◆ Collected data entries ◆
Lemma mixed_strict_dominance (Q : {set P}) : Q \subset Q0 -> Q != set0 ->
  exists2 sigma, mixture_in A sigma & forall p, p \in Q -> U p s < expected sigma p.
Proof.
have [n] := ubnP #|Q|; elim: n Q => // n IH Q /ltnSE leQn sQ Q_n0.
have [t [At weak [p0 Qp0 strict0]]] := Bdom sQ Q_n0.
pose Q' := [set p in Q | U p t == U p s].
have sQ'Q : Q' \subset Q by apply/subsetP => p; rewrite inE => /andP[].
have [Q'0|Q'_n0] := eqVneq Q' set0.
  exists (pure t); first exact: mixture_pure.
  move=> p Qp; rewrite expected_pure lt_def weak // andbT.
  apply/eqP => tie; have : p \in Q' by rewrite inE Qp tie eqxx.
  by rewrite Q'0 inE.
have ltQ'n : (#|Q'| < n)%N.
  have : Q' \proper Q by apply/properP; split=> //; exists p0; rewrite ?inE ?Qp0 ?gt_eqF.
  by move/proper_card/leq_trans; apply.
have [tau Atau strict'] := IH Q' ltQ'n (subset_trans sQ'Q sQ) Q'_n0.
pose f p := (U p t - U p s) / (`|U p t - expected tau p| + 1).
pose e := \big[Order.min/1]_(p | (p \in Q) && (U p t != U p s)) f p.
have norm1_gt0 p : 0 < `|U p t - expected tau p| + 1 by rewrite ltr_wpDl.
have e_gt0 : 0 < e.
  apply/bigmin_gtP; split=> // p /andP[Qp ne]; rewrite divr_gt0 // subr_gt0.
  by rewrite lt_def ne weak.
exists (mix e (pure t) tau).
  by apply: mixture_mix => //; [rewrite ltW ?bigmin_le_id | exact: mixture_pure].
move=> p Qp; rewrite expected_mix expected_pure.
have [tie|ne] := eqVneq (U p t) (U p s).
  by rewrite tie mix_gt_tie // strict' // inE Qp tie eqxx.
have e_le_f : e <= f p by apply: bigmin_le_cond; rewrite Qp ne.
by apply: mix_gt_small => //; rewrite -ler_pdivlMr.
Qed.

End MixedStrategies.

Section Outcomes.
Variable g : game.
Implicit Types (p : sprof g) (h : seq (prof g)).

Lemma follows_rcons (i : player g) c pre h a :
  follows_aux i c pre (rcons h a) <->
  follows_aux i c pre h /\ (active i (pre ++ h) -> c (lab i (pre ++ h)) = Some (a i)).
Proof.
elim: h pre => [|b h IH] pre /=; first by rewrite cats0; tauto.
by rewrite IH cat_rcons; tauto.
Qed.

Lemma follows_represents (i : player g) f (r : rstrat g) pre h :
  represents i f r -> follows_aux i r pre h -> follows_aux i (fun y => Some (f y)) pre h.
Proof.
move=> [_ rf]; elim: h pre => [|a h IH] pre //= [now later]; split; last exact: IH.
move=> act; have := now act.
by have [/(rf _).1|/(rf _).2] := pselect (allows i f (lab i pre)) => ->.
Qed.

(* The move prescribed at h is feasible because feasible moves form a
   product ([hist_prod]). *)
Lemma step_exists p h : (forall j, is_strat j (p j)) ->
  @hist g h -> (forall j, follows j (p j) h) -> (exists b, @hist g (rcons h b)) ->
  exists a, @hist g (rcons h a) &&
            [forall j, active j h ==> (p j (lab j h) == Some (a j))].
Proof.
move=> strats hh hf [b hb].
have prescribed j : active j h -> exists f, represents j f (p j) /\
    p j (lab j h) = Some (f (lab j h)).
  move=> act; have [f rf] := strats j; exists f; split => //.
  by apply: (rf.2 _).1; exists h; do 3!split => //; exact: follows_represents rf (hf j).
pose a := [ffun j => if active j h then odflt (b j) (p j (lab j h)) else b j].
exists a; apply/andP; split.
  apply: hist_prod => //; first by exists b.
  move=> j; rewrite ffunE; case act: (active j h); last by exists b.
  have [f [rf ->]] := prescribed j act.
  have := rf.1 h hh act; rewrite inE => /existsP [b' /andP [hb' /eqP eb']].
  by exists b'.
apply/forallP => j; apply/implyP => act; rewrite ffunE act.
by have [f [_ ->]] := prescribed j act.
Qed.

(* Invariant of the k-th iterate of [step]; as histories have length at most
   [depth g], the iterate defining [zeta] must be terminal. *)
Definition partial_play p k h :=
  @hist g h /\ (forall j, follows j (p j) h) /\ (terminal h \/ size h = k).

Lemma partial_play_step p k h : (forall j, is_strat j (p j)) ->
  partial_play p k h -> partial_play p k.+1 (step p h).
Proof.
move=> strats [hh [hf hk]]; rewrite /step; case: pickP => [a /andP [ha /forallP pa]|none].
  split=> //; split.
    move=> j; rewrite /follows follows_rcons; split=> [|act]; first exact: hf.
    by apply/eqP; move: (pa j); rewrite act.
  case: hk => [/andP [_ /existsP []]|hk]; first by exists a.
  by right; rewrite size_rcons hk.
do 2!split => //; left; rewrite /terminal hh /=; apply/existsP => -[b hb].
have [a /andP [ha pa]] := step_exists strats hh hf (ex_intro _ b hb).
by move: (none a); rewrite ha pa.
Qed.

Lemma zeta_terminal p : (forall j, is_strat j (p j)) -> terminal (zeta p).
Proof.
move=> strats; have play k : partial_play p k (iter k (step p) [::]).
  elim: k => [|k IH]; first by split; [exact: hist_nil | split=> //; right].
  exact: partial_play_step.
have [hh [_ [//|hdepth]]] := play (depth g).
rewrite /terminal hh /=; apply/existsP => -[a ha].
by have := hist_bounded ha; rewrite size_rcons /zeta hdepth ltnn.
Qed.

Lemma restriction_zeta_terminal R i x t p : restriction R ->
  Ri_at R i x t -> Rmi_at R i x p -> terminal (zeta (upd p i t)).
Proof.
move=> [_ inR] [Rt _] [Rp _]; apply: zeta_terminal => j; rewrite ffunE.
by case: eqP => [->|/eqP ji]; [exact: inR Rt | exact: inR (Rp j ji)].
Qed.

End Outcomes.

Section Utilities.
Variables (Rl : realType) (g : game) (i : player g) (u : seq (prof g) -> Rl).
Hypothesis u_pref : represents_pref i u.

Lemma represents_pref_lt z z' : terminal z -> terminal z' ->
  spref i z' z -> u z < u z'.
Proof.
move=> tz tz' [_ nz]; rewrite ltNge; apply/negP => /(u_pref tz tz').
exact: nz.
Qed.

Lemma Bdominated_mixed_sdominated (Pi : rstrat g -> Prop) (Pmi : sprof g -> Prop) s :
  (forall t p, Pi t -> Pmi p -> terminal (zeta (upd p i t))) ->
  Bdominated i Pi Pmi s -> mixed_sdominated i u Pi Pmi s.
Proof.
move=> term [Pis Bdom]; pose Q0 := [set p | `[< Pmi p >]].
have Q0P p : reflect (Pmi p) (p \in Q0) by rewrite inE; exact: asboolP.
pose U p t := u (zeta (upd p i t)).
have Bdom_on_sets (Q : {set sprof g}) : Q \subset Q0 -> Q != set0 ->
    exists t, [/\ Pi t, forall p, p \in Q -> U p s <= U p t
                & exists2 p, p \in Q & U p s < U p t].
  move=> /subsetP sQ /set0Pn Q_n0.
  have PmiQ p : p \in Q -> Pmi p by move/sQ/Q0P.
  have [t [Pit [_ [_ [weak [p [Qp strict]]]]]]] := Bdom _ Q_n0 PmiQ.
  have outQ t' p' : Pi t' -> p' \in Q -> terminal (zeta (upd p' i t')).
    by move=> Pit' /PmiQ; exact: term.
  exists t; split=> //.
    move=> p' Qp'; apply/(u_pref (outQ _ _ Pit Qp') (outQ _ _ Pis Qp')).
    exact: weak.
  by exists p => //; apply: represents_pref_lt strict; exact: outQ.
have [Q0_0|Q0_n0] := eqVneq Q0 set0.
  have [pure0 [pureP pure1]] := mixture_pure Rl Pis.
  exists (pure Rl s); do 3!split=> //.
  by move=> p /Q0P; rewrite Q0_0 inE.
have [sigma [sigma0 [sigmaP sigma1]] strict] :=
  mixed_strict_dominance (U := U) Bdom_on_sets (subxx Q0) Q0_n0.
by exists sigma; do 3!split=> //; move=> p /Q0P /strict.
Qed.

End Utilities.

Theorem proposition4 (Rl : realType) (g : game)
    (u : player g -> seq (prof g) -> Rl)
    (hu : forall j, represents_pref j (u j))
    (R : player g -> {set rstrat g})
    (hR : restriction R) :
  forall s : sprof g,
    (forall j, MM R j (u j) (s j)) -> (forall j, UU R j (s j)).
Proof.
move=> s Ms j; split; first exact: (Ms j).1.
move=> [_ [x [infx [reach [nonempty Bdom]]]]].
apply: (Ms j).2 infx reach nonempty _.
apply: Bdominated_mixed_sdominated Bdom; first exact: hu.
by move=> t p; exact: restriction_zeta_terminal.
Qed.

◆ EXERCISE BRIEF ◆
Transcribe the records from their first line. Stop after the line with "have [tau Atau", including it.

◆ EXERCISE ANSWER ◆
Lemma mixed_strict_dominance (Q : {set P}) : Q \subset Q0 -> Q != set0 ->
  exists2 sigma, mixture_in A sigma & forall p, p \in Q -> U p s < expected sigma p.
Proof.
have [n] := ubnP #|Q|; elim: n Q => // n IH Q /ltnSE leQn sQ Q_n0.
have [t [At weak [p0 Qp0 strict0]]] := Bdom sQ Q_n0.
pose Q' := [set p in Q | U p t == U p s].
have sQ'Q : Q' \subset Q by apply/subsetP => p; rewrite inE => /andP[].
have [Q'0|Q'_n0] := eqVneq Q' set0.
  exists (pure t); first exact: mixture_pure.
  move=> p Qp; rewrite expected_pure lt_def weak // andbT.
  apply/eqP => tie; have : p \in Q' by rewrite inE Qp tie eqxx.
  by rewrite Q'0 inE.
have ltQ'n : (#|Q'| < n)%N.
  have : Q' \proper Q by apply/properP; split=> //; exists p0; rewrite ?inE ?Qp0 ?gt_eqF.
  by move/proper_card/leq_trans; apply.
have [tau Atau strict'] := IH Q' ltQ'n (subset_trans sQ'Q sQ) Q'_n0.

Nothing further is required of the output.